Stored data entries
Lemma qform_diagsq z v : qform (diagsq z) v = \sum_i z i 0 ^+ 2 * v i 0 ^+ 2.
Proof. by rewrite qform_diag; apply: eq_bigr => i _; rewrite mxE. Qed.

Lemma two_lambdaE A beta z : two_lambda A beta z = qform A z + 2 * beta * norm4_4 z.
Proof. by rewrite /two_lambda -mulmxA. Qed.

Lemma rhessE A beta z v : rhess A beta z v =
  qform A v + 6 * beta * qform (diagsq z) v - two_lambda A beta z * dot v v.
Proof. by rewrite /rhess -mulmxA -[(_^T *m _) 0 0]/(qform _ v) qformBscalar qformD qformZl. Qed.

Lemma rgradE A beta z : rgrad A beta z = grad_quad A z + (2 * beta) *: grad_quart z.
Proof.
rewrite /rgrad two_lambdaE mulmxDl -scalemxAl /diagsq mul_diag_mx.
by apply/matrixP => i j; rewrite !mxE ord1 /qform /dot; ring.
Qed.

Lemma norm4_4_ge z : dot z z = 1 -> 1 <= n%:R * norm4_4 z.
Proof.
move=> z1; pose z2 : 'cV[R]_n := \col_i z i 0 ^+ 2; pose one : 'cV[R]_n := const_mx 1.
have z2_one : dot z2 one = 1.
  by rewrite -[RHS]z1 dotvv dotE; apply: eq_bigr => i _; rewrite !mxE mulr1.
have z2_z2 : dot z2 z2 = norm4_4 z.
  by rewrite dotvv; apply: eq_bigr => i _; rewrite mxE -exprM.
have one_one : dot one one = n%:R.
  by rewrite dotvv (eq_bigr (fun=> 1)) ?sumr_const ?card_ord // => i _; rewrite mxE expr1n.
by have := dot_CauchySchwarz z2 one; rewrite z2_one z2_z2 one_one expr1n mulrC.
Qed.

---

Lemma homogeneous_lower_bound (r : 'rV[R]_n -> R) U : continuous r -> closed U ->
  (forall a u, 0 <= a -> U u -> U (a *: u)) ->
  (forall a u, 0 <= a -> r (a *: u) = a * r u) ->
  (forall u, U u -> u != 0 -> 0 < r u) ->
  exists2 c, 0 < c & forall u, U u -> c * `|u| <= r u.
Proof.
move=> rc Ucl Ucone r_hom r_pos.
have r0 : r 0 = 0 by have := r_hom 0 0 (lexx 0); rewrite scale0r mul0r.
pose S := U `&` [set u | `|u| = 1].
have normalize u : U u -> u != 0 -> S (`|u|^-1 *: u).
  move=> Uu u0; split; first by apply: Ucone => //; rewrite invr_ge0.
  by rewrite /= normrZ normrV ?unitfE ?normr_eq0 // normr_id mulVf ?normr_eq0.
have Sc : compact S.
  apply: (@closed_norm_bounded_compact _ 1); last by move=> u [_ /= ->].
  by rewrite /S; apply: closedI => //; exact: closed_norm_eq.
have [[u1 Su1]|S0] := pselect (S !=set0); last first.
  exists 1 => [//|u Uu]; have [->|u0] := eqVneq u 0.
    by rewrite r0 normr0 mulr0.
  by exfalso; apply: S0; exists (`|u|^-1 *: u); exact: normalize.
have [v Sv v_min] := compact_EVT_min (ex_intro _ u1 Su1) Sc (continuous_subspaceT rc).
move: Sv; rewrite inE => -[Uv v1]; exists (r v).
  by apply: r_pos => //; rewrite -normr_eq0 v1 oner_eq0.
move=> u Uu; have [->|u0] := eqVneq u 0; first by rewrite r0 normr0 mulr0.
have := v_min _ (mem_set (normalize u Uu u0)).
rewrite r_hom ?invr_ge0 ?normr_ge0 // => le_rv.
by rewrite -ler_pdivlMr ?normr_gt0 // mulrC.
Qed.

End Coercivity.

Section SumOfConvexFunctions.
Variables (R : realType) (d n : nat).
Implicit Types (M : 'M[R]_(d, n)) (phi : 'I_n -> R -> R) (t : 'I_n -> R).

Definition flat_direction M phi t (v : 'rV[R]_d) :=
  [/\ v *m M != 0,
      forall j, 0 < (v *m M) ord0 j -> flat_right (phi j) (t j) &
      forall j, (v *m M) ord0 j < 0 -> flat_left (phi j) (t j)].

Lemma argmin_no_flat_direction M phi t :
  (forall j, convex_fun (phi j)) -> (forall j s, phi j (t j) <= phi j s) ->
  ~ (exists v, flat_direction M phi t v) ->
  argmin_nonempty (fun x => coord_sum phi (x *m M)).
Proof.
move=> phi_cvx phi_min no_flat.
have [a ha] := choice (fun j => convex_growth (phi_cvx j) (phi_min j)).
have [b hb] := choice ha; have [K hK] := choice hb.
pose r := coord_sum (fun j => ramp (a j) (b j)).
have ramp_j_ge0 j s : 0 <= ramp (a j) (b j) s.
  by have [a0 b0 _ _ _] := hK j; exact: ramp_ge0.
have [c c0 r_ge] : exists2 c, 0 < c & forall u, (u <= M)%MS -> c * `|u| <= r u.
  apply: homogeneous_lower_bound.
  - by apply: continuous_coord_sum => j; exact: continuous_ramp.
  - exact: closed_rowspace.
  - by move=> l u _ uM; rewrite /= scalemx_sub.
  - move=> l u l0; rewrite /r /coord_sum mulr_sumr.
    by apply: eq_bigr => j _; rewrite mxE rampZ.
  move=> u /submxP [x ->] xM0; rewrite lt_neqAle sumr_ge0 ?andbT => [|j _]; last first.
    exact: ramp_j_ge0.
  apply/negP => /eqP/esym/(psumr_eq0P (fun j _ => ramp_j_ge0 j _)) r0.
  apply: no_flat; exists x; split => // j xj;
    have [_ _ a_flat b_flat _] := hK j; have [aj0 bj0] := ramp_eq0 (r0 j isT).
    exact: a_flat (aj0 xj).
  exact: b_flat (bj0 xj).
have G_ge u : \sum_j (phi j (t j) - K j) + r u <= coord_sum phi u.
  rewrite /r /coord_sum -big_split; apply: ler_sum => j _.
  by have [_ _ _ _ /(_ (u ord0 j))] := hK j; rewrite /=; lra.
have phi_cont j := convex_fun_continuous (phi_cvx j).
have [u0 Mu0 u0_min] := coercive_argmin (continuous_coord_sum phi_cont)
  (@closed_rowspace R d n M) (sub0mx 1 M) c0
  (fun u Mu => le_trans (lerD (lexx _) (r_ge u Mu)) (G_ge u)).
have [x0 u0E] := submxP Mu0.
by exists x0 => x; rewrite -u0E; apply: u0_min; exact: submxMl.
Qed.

• _What you will do_: The required answer is the exact run of lines above starting at the line with "phi t v) ->" and ending at the line with "have [c c0 r_ge]", with both ends present.

• _Response_:
  ~ (exists v, flat_direction M phi t v) ->
  argmin_nonempty (fun x => coord_sum phi (x *m M)).
Proof.
move=> phi_cvx phi_min no_flat.
have [a ha] := choice (fun j => convex_growth (phi_cvx j) (phi_min j)).
have [b hb] := choice ha; have [K hK] := choice hb.
pose r := coord_sum (fun j => ramp (a j) (b j)).
have ramp_j_ge0 j s : 0 <= ramp (a j) (b j) s.
  by have [a0 b0 _ _ _] := hK j; exact: ramp_ge0.
have [c c0 r_ge] : exists2 c, 0 < c & forall u, (u <= M)%MS -> c * `|u| <= r u.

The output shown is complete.